Forgive the lapse into first person.
Thursday, May 29, 2008
Dear Medical Director and Other Pertinent Senior Managers,
It is with absolute joy that I, newFNP, submit to you my letter of resignation. Hooray! To quote a decreasingly relevant but still important songstress, "Holiday-ay [oh yeah, oh yeah], celebray-ate [come on, let's celebrate]!"
I see that you are scratching your heads wondering why I, newFNP, may be leaving. Is it the unreasonable workload, you may be asking? It is not. Is it the lack of support staff in the clinic? Not that either. Is it the incessant drama? Alas, I have grown immune to it. Is it the working through lunch almost every day? No, in fact, I, newFNP, think of that as part of my calorie restriction plan!
Is it the fact that, despite our mutual agreement that adults with chronic diseases should have thirty minutes allotted for physicals, they continue to have fifteen minutes and I, newFNP, am expected to take good care of them in that time frame? Ditto for new prenatals and IUD insertions. No, I have begrudgingly accepted that I must see another patient faster in order to have a longer time with the more demanding patients. I, newFNP, am a natural-born problem solver!
Is it the fact that I, newFNP, earn $15,000 less per annum than the provider who referred the patient with the markedly enlarged prostate to nephrology? I know, I know, I am not supposed to know the salaries of other providers but - guess what? I do, and that still is not the reason I, newFNP, am leaving. Is it the fact that, despite having brought concerns to you all several times, only to have you nod empathically and promise to address these aforementioned concerns, you do nothing? Amazingly, no.
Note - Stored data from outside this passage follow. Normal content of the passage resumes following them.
Definition rsum_except (n i : nat) (f : nat -> R) : R :=
  rsum n (fun j => if Nat.eqb j i then 0 else f j).

Lemma rsum_split n f i : (i < n)%nat -> rsum n f = f i + rsum_except n i f.
Proof.
  unfold rsum_except. induction n as [|n IH]; intros Hi; simpl; [lia|].
  destruct (Nat.eq_dec i n) as [->|Hin].
  - rewrite Nat.eqb_refl.
    rewrite (rsum_ext n (fun j => if Nat.eqb j n then 0 else f j) f); [ring|].
    intros j Hj. destruct (Nat.eqb_spec j n); [lia | reflexivity].
  - rewrite IH by lia. destruct (Nat.eqb_spec n i); [lia | ring].
Qed.

Lemma rsum_except_le n i f g : (forall j, (j < n)%nat -> j <> i -> f j <= g j) ->
  rsum_except n i f <= rsum_except n i g.
Proof.
  intros H. apply rsum_le. intros j Hj.
  destruct (Nat.eqb_spec j i); [lra | auto].
Qed.

Lemma rsum_except_affine n i f g d :
  rsum_except n i (fun j => f j + g j * d) = rsum_except n i f + rsum_except n i g * d.
Proof.
  unfold rsum_except. induction n as [|n IH]; simpl; [ring|].
  rewrite IH. destruct (Nat.eqb n i); ring.
Qed.

Lemma exists_argmin n (P : nat -> Prop) (f : nat -> R) :
  (exists i, (i < n)%nat /\ P i) ->
  exists k, (k < n)%nat /\ P k /\ forall j, (j < n)%nat -> P j -> f k <= f j.
Proof.
  induction n as [|n IH]; intros [i [Hi Pi]]; [lia|].
  destruct (classic (exists i, (i < n)%nat /\ P i)) as [Hex|Hno].
  - destruct (IH Hex) as [k [Hk [Pk Mk]]].
    assert (Hle : forall j, (j < S n)%nat -> j <> n -> P j -> f k <= f j)
      by (intros; apply Mk; auto; lia).
    destruct (classic (P n /\ f n < f k)) as [[Pn Hlt]|Hnot].
    + exists n. repeat split; auto. intros j Hj Pj.
      destruct (Nat.eq_dec j n) as [->|]; [lra|]. specialize (Hle j Hj n0 Pj). lra.
    + exists k. repeat split; auto. intros j Hj Pj.
      destruct (Nat.eq_dec j n) as [->|]; [|auto].
      destruct (Rlt_le_dec (f n) (f k)); [tauto | lra].
  - assert (i = n) as ->.
    { destruct (Nat.eq_dec i n); [auto | exfalso; apply Hno; exists i; split; auto; lia]. }
    exists n. repeat split; auto. intros j Hj Pj.
    destruct (Nat.eq_dec j n) as [->|]; [lra|].
    exfalso. apply Hno. exists j. split; auto. lia.
Qed.

Lemma exists_argmax n (P : nat -> Prop) (f : nat -> R) :
  (exists i, (i < n)%nat /\ P i) ->
  exists k, (k < n)%nat /\ P k /\ forall j, (j < n)%nat -> P j -> f j <= f k.
Proof.
  intros H. destruct (exists_argmin n P (fun i => - f i) H) as [k [Hk [Pk Mk]]].
  exists k. repeat split; auto. intros j Hj Pj. specialize (Mk j Hj Pj). lra.
Qed.

Lemma continuity_const_fun k : continuity (fun _ => k).
Proof. apply continuity_const. intros x y. reflexivity. Qed.

Lemma continuity_id_fun : continuity (fun p => p).
Proof. exact (derivable_continuous id derivable_id). Qed.

Lemma continuity_ext f g : (forall p, f p = g p) -> continuity f -> continuity g.
Proof. intros E Hf p. apply (continuity_pt_locally_ext f g 1 p); auto; lra. Qed.

Lemma continuity_Rmax f g : continuity f -> continuity g ->
  continuity (fun p => Rmax (f p) (g p)).
Proof.
  intros Hf Hg. apply (continuity_ext (fun p => (f p + g p + Rabs (f p - g p)) / 2)).
  - intros p. unfold Rmax. destruct (Rle_dec (f p) (g p)).
    + rewrite Rabs_left1; lra.
    + rewrite Rabs_right; lra.
  - apply (continuity_div (fun p => f p + g p + Rabs (f p - g p)) (fun _ => 2));
      [| apply continuity_const_fun | intros; lra].
    apply (continuity_plus (fun p => f p + g p) (fun p => Rabs (f p - g p)));
      [apply continuity_plus; assumption|].
    apply (continuity_comp (fun p => f p - g p) Rabs);
      [apply continuity_minus; assumption | exact Rcontinuity_abs].
Qed.

Lemma continuity_Rmin f g : continuity f -> continuity g ->
  continuity (fun p => Rmin (f p) (g p)).
Proof.
  intros Hf Hg. apply (continuity_ext (fun p => f p + g p - Rmax (f p) (g p))).
  - intros p. unfold Rmin, Rmax. destruct (Rle_dec (f p) (g p)); lra.
  - apply (continuity_minus (fun p => f p + g p) (fun p => Rmax (f p) (g p)));
      [apply continuity_plus | apply continuity_Rmax]; assumption.
Qed.

Ltac continuity_auto :=
  repeat match goal with
  | |- continuity (fun _ => ?k) => apply continuity_const_fun
  | |- continuity (fun p => p) => apply continuity_id_fun
  | |- continuity (fun p => Rmin (@?f p) (@?g p)) => apply (continuity_Rmin f g)
  | |- continuity (fun p => Rmax (@?f p) (@?g p)) => apply (continuity_Rmax f g)
  | |- continuity (fun p => @?f p + @?g p) => apply (continuity_plus f g)
  | |- continuity (fun p => @?f p - @?g p) => apply (continuity_minus f g)
  | |- continuity (fun p => @?f p * @?g p) => apply (continuity_mult f g)
  | |- continuity (fun p => @?f p / @?g p) => apply (continuity_div f g)
  | |- continuity _ => assumption
  end.

Lemma continuity_rsum n (F : R -> nat -> R) :
  (forall i, (i < n)%nat -> continuity (fun p => F p i)) -> continuity (fun p => rsum n (F p)).
Proof.
  induction n as [|n IH]; intros H; simpl.
  - apply continuity_const_fun.
  - apply (continuity_plus (fun p => rsum n (F p)) (fun p => F p n)).
    + apply IH. intros; apply H; lia.
    + apply H; lia.
Qed.

Definition on_level n (l : nat -> R -> R) (t x : nat -> R) (M : R) : Prop :=
  forall j, (j < n)%nat -> M <= l j (x j) + t j /\ (0 < x j -> l j (x j) + t j = M).

Lemma wardrop_on_level n l t x : wardrop n l t x -> exists M, on_level n l t x M.
Proof.
  intros [[Hx Hsum] W].
  destruct (rsum_pos_exists n x Hx ltac:(lra)) as [k [Hk Hxk]].
  exists (l k (x k) + t k). intros j Hj. split.
  - exact (W k j Hk Hj Hxk).
  - intros Hxj. pose proof (W k j Hk Hj Hxk). pose proof (W j k Hj Hk Hxj). lra.
Qed.

Section Uniqueness.

Variables (n : nat) (l : nat -> R -> R).
Hypothesis Hl : forall j, (j < n)%nat -> forall p q, p < q -> l j p < l j q.

Lemma on_level_flow_le t x y M L : (forall j, (j < n)%nat -> 0 <= x j) ->
  on_level n l t x M -> on_level n l t y L -> L <= M -> forall j, (j < n)%nat -> y j <= x j.
Proof.
  intros Hx HM HL HLM j Hj.
  destruct (Rlt_le_dec 0 (y j)) as [Hy|Hy]; [|pose proof (Hx j Hj); lra].
  destruct (Rle_lt_dec (y j) (x j)) as [|Hlt]; [assumption|].
  pose proof (Hl j Hj _ _ Hlt). pose proof (proj1 (HM j Hj)). pose proof (proj2 (HL j Hj) Hy).
  lra.
Qed.

Lemma on_level_flow_unique t x y M L : is_flow n x -> is_flow n y ->
  on_level n l t x M -> on_level n l t y L -> forall j, (j < n)%nat -> x j = y j.
Proof.
  intros [Hx Sx] [Hy Sy] HM HL j Hj.
  destruct (Rle_lt_dec L M).
  - symmetry. apply (rsum_le_eq n y x); try congruence; auto.
    exact (on_level_flow_le t x y M L Hx HM HL ltac:(lra)).
  - apply (rsum_le_eq n x y); try congruence; auto.
    exact (on_level_flow_le t y x L M Hy HL HM ltac:(lra)).
Qed.

End Uniqueness.

Definition weight_sum (n : nat) (a w : nat -> R) (i : nat) : R :=
  rsum_except n i (fun j => w j / a j).

(* Taking the positive part makes links with b_i >= L carry neither flow nor
   toll without a case split, and keeps everything continuous in L. *)
Definition headroom (L bi : R) : R := Rmax 0 (L - bi).

Definition best_toll (a K u : R) : R := u * (1 + a * K) / (1 + 2 * a * K).

Section Link.

Variables a K u c : R.
Hypotheses (Ha : 0 < a) (HK : 0 <= K) (Hu : 0 <= u) (Hc : 0 <= c).

Lemma best_toll_spec : best_toll a K u * (1 + 2 * a * K) = u * (1 + a * K).
Proof. unfold best_toll. field. nra. Qed.

Lemma best_toll_bounds : 0 <= best_toll a K u <= u.
Proof. pose proof best_toll_spec. assert (0 <= a * K) by nra. split; nra. Qed.

Lemma capped_toll_bounds :
  0 <= Rmin c (best_toll a K u) <= c /\ Rmin c (best_toll a K u) <= u.
Proof.
  pose proof best_toll_bounds.
  unfold Rmin. destruct (Rle_dec c (best_toll a K u)); lra.
Qed.

(* With y = (u - T) / a, the first alternative y (1 + a K) = K T is the
   first-order condition of revenue maximisation against the linear residual
   demand; otherwise the cap binds. *)
Lemma capped_toll_shape :
  let T := Rmin c (best_toll a K u) in
  (u - T) / a * (1 + a * K) = K * T \/ (T = c /\ K * c <= (u - T) / a * (1 + a * K)).
Proof.
  intros T. pose proof best_toll_spec as HX.
  assert (HaK : 0 <= a * K) by nra.
  assert (Hya : (u - T) / a * a = u - T) by (field; lra).
  set (y := (u - T) / a) in *.
  unfold T, Rmin in *. destruct (Rle_dec c (best_toll a K u)) as [Hcap|Hfree].
  - right. split; [reflexivity|].
    apply (Rmult_le_reg_r a); [lra|].
    assert (c * (1 + 2 * a * K) <= best_toll a K u * (1 + 2 * a * K))
      by (apply Rmult_le_compat_r; lra).
    replace (y * (1 + a * K) * a) with (y * a * (1 + a * K)) by ring.
    rewrite Hya. nra.
  - left. apply (Rmult_eq_reg_r a); [|lra].
    replace (y * (1 + a * K) * a) with (y * a * (1 + a * K)) by ring.
    rewrite Hya. nra.
Qed.

End Link.

(* With D = 1 + a K, a deviation to v loses flow at least at rate K / D, and
   the shape of the capped toll t makes v |-> v (y - K (v - t) / D) maximal at
   v = t on [0, c]. *)
Lemma deviation_profit_le K D y x t v c :
  0 <= K -> 0 < D -> 0 <= v <= c ->
  K * (v - t) <= (y - x) * D ->
  y * D = K * t \/ (t = c /\ K * c <= y * D) ->
  v * x <= t * y.
Proof.
  intros HK HD Hv Hdev Hshape.
  apply (Rmult_le_reg_r D); [exact HD|].
  assert (v * x * D <= v * (y * D - K * (v - t))) by nra.
  destruct Hshape as [Hfree | [-> Hcap]].
  - assert (0 <= K * ((t - v) * (t - v))) by (apply Rmult_le_pos; [lra | apply Rle_0_sqr]).
    replace (t * y * D) with (t * (y * D)) by ring. rewrite Hfree in *. nra.
  - assert (0 <= (c - v) * (y * D - K * v)) by (apply Rmult_le_pos; nra).
    nra.
Qed.

Definition capped_toll n (a b : nat -> R) c (w : nat -> R) L i : R :=
  Rmin c (best_toll (a i) (weight_sum n a w i) (headroom L (b i))).

Definition induced_flow n (a b : nat -> R) c (w : nat -> R) L i : R :=
  (headroom L (b i) - capped_toll n a b c w L i) / a i.

Definition total_flow n a b c w L : R := rsum n (induced_flow n a b c w L).

Definition admissible_weights n (b : nat -> R) L (w : nat -> R) : Prop :=
  forall j, (j < n)%nat -> 0 <= w j <= 1 /\ (b j < L -> w j = 1) /\ (L < b j -> w j = 0).

Definition balanced n a b c L w : Prop :=
  admissible_weights n b L w /\ total_flow n a b c w L = 1.

Lemma headroom_nonneg L bi : 0 <= headroom L bi.
Proof. apply Rmax_l. Qed.

Lemma weight_sum_nonneg n a w i : (forall j, (j < n)%nat -> 0 < a j) ->
  (forall j, (j < n)%nat -> 0 <= w j) -> 0 <= weight_sum n a w i.
Proof.
  intros Ha Hw. apply rsum_nonneg. intros j Hj.
  destruct (Nat.eqb j i); [lra|]. pose proof (Ha j Hj). pose proof (Hw j Hj).
  unfold Rdiv. apply Rmult_le_pos; [lra | left; apply Rinv_0_lt_compat; lra].
Qed.

Section Equilibrium.

Variables (n : nat) (a b : nat -> R) (c L : R) (w : nat -> R).
Hypotheses (Ha : forall i, (i < n)%nat -> 0 < a i) (Hc : 0 <= c).
Hypothesis Hbal : balanced n a b c L w.

Local Notation K := (weight_sum n a w).
Local Notation t := (capped_toll n a b c w L).
Local Notation y := (induced_flow n a b c w L).
Local Notation lat := (fun i z => a i * z + b i).

Lemma balanced_weight_sum_nonneg i : 0 <= K i.
Proof. apply weight_sum_nonneg; [exact Ha|]. intros j Hj. apply (proj1 Hbal j Hj). Qed.

Lemma induced_toll_bounds i : (i < n)%nat -> 0 <= t i <= c.
Proof.
  intros Hi. apply capped_toll_bounds; auto using balanced_weight_sum_nonneg, headroom_nonneg.
Qed.

Lemma induced_flow_cost i : (i < n)%nat ->
  0 <= y i /\ a i * y i + t i = headroom L (b i).
Proof.
  intros Hi. pose proof (Ha i Hi).
  destruct (capped_toll_bounds (a i) (K i) (headroom L (b i)) c) as [_ HT];
    auto using balanced_weight_sum_nonneg, headroom_nonneg.
  unfold induced_flow. split.
  - unfold Rdiv. apply Rmult_le_pos; [unfold capped_toll; lra | left; apply Rinv_0_lt_compat; lra].
  - field. lra.
Qed.

Lemma induced_flow_on_level : on_level n lat t y L.
Proof.
  intros j Hj. cbv beta. destruct (induced_flow_cost j Hj) as [Hy Hcost].
  pose proof (induced_toll_bounds j Hj). pose proof (Ha j Hj).
  unfold headroom, Rmax in Hcost.
  destruct (Rle_dec 0 (L - b j)); split; intros; nra.
Qed.

Lemma induced_flow_is_flow : is_flow n y.
Proof. split; [intros j Hj; apply (induced_flow_cost j Hj) | apply Hbal]. Qed.

Lemma weighted_slack j : (j < n)%nat -> w j * (L - b j - t j) = a j * y j.
Proof.
  intros Hj. destruct (proj1 Hbal j Hj) as [_ [Hw1 Hw0]].
  destruct (induced_flow_cost j Hj) as [Hy Hcost].
  pose proof (induced_toll_bounds j Hj). pose proof (Ha j Hj).
  assert (0 <= a j * y j) by nra.
  unfold headroom, Rmax in Hcost. destruct (Rle_dec 0 (L - b j)).
  - destruct (Rle_lt_dec L (b j)).
    + replace (L - b j - t j) with 0 by lra. lra.
    + rewrite Hw1 by lra. lra.
  - rewrite Hw0 by lra. lra.
Qed.

(* Every link j <> i is still used at cost at least the new level L', so it
   carries at least y_j + w_j (L' - L) / a_j; summing gives the bound. *)
Lemma deviation_flow_bound i v x' : (i < n)%nat ->
  wardrop n lat (update t i v) x' -> 0 < x' i ->
  K i * (v - t i) <= (y i - x' i) * (1 + a i * K i).
Proof.
  intros Hi [[Hx' Sx'] W] Hxi.
  set (L' := a i * x' i + b i + v).
  assert (Hothers : forall j, (j < n)%nat -> j <> i -> y j + w j / a j * (L' - L) <= x' j).
  { intros j Hj Hji. pose proof (W i j Hi Hj Hxi) as Wij. cbv beta in Wij.
    unfold update in Wij. rewrite Nat.eqb_refl in Wij.
    destruct (Nat.eqb_spec j i) as [|_]; [lia|].
    pose proof (weighted_slack j Hj). pose proof (Ha j Hj).
    destruct (proj1 Hbal j Hj) as [Hw _]. pose proof (Hx' j Hj).
    apply (Rmult_le_reg_r (a j)); [lra|].
    replace ((y j + w j / a j * (L' - L)) * a j) with (a j * y j + w j * (L' - L))
      by (field; lra).
    rewrite <- weighted_slack by exact Hj.
    assert (0 <= a j * x' j) by nra. unfold L'. nra. }
  assert (Hsum : rsum_except n i y + rsum_except n i (fun j => w j / a j) * (L' - L)
                 <= rsum_except n i x').
  { rewrite <- rsum_except_affine. apply rsum_except_le. exact Hothers. }
  assert (Ex' : 1 = x' i + rsum_except n i x') by (rewrite <- Sx'; apply rsum_split, Hi).
  assert (Ey : 1 = y i + rsum_except n i y)
    by (rewrite <- (proj2 Hbal); apply rsum_split, Hi).
  fold (weight_sum n a w i) in Hsum.
  pose proof (proj1 (induced_flow_on_level i Hi)) as HLi. cbv beta in HLi.
  pose proof (balanced_weight_sum_nonneg i).
  unfold L' in Hsum. nra.
Qed.
Lemma diff0_unique m c (Dg : 'rV[F]_m -> Prop) (g : 'rV[F]_m -> 'rV[F]_c)
    (A B : 'M[F]_(m, c)) :
  is_diff0 absv Dg g A ->
  (forall e, 0 < e -> exists j, forall x, vn x <= rad j ->
     vn (g x - g 0 - x *m B) <= e * vn x) ->
  A = B.
Proof.
move=> hA hB; apply/row_matrixP => i; apply/eqP; rewrite -subr_eq0; apply/eqP.
apply: vnorm_eq0; apply/ler_addgt0Pr => e e0; rewrite add0r.
have [d [d0 hd]] := hA e e0; have [j hj] := hB e e0; have [k hk] := rad_small d0.
pose x : 'rV[F]_m := t ^+ (j + k) *: 'e_i.
have xM (C : 'M[F]_(m, c)) : x *m C = t ^+ (j + k) *: row i C.
  by rewrite -scalemxAl -rowE.
have hx : vn x <= rad (j + k).
  by rewrite vnorm_tZ -[X in _ <= X]mulr1 ler_wpM2l ?rad_ge0 ?vnorm_delta_le1.
have [_ hxA] := hd x (le_lt_trans hx (le_lt_trans (rad_le (leq_addl j k)) hk)).
have hxB := hj x (le_trans hx (rad_le (leq_addr k j))).
have : vn (x *m A - x *m B) <= e * vn x.
  have -> : x *m A - x *m B = (g x - g 0 - x *m B) - (g x - g 0 - x *m A) by row_ring.
  exact: vnormB_le.
rewrite !xM -scalerBr vnorm_tZ => /le_trans/(_ (ler_wpM2l (ltW e0) hx)).
by rewrite mulrC ler_pM2r ?rad_gt0.
Qed.

Lemma strict_diff0_restrict m n c (D : 'rV[F]_n -> Prop) (g : 'rV[F]_n -> 'rV[F]_c)
    (G : 'M[F]_(n, c)) (E : 'M[F]_(m, n)) (Dh : 'rV[F]_m -> Prop) (h : 'rV[F]_m -> 'rV[F]_c)
    (A : 'M[F]_(m, c)) :
  (forall x, vn (x *m E) <= vn x) -> (forall x, h x = g (x *m E)) ->
  strict_diff0 D g G -> is_diff0 absv Dh h A -> A = E *m G.
Proof.
move=> hE hgh hG hA; apply: diff0_unique hA _ => e e0.
have [j hj] := hG e e0; exists j => x hx.
have hxE : vn (x *m E) <= rad j := le_trans (hE x) hx.
have h0 : vn (0 : 'rV[F]_n) <= rad j by rewrite vnorm0 rad_ge0.
have [_] := hj _ _ hxE h0.
rewrite !hgh mul0mx subr0 mulmxA => /le_trans; apply.
by apply: ler_wpM2l => //; apply: ltW.
Qed.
As you can see, I, newFNP, am willing to put up with a shitload of crapola because I am a schmuck and committed to community health! So you can go ahead and pile this dump-truck of crap on me and I, newFNP will stay! I do not expect that you will thank me, only that I will receive my bi-weekly paycheck. I must admit that you have unfailingly delivered in this! I wonder if you laugh when you see how many hours I, newFNP, have worked for the amount of money you pay me? Not that it matters. As I have already noted, I am not leaving over paltry concerns such as salary.
No, I am leaving because you continue to fuck up my schedule. That's right. After almost three years of employment, you continue to change my day off and have appeared to have settled on Tuesday. Well guess what? No thank you, Sirs and Madams. I understand that so-and-so has school and so-and-so has another job and so-and-so never works Saturdays. Because I, newFNP, have demonstrated flexibility in the past, I see that you saw fit to take advantage of that yet again. Why should I ever have doubted you? You are a consistent bunch, after all! Consistent in screwing up my schedule!
No hard feelings, eh?
Taking this job and shoving it, fondly of course.
NewFNP is clear that she cannot say this to her supervisors, but she is unsure why they are so unfailingly unrealistic. Is it wrong to hate them? NewFNP thinks not. Is it, after all, the natural order of things.
Tuesdays off? Didn't we already go through this with the last inept scheduler?
NewFNP is nothing but a hater tonight. Not even a delicious homemade meal of sesame-encrusted seared ahi with organic broccoli and rosemary fingerling potatoes could extinguish her fiery distaste of her clinic and its retarded scheduling.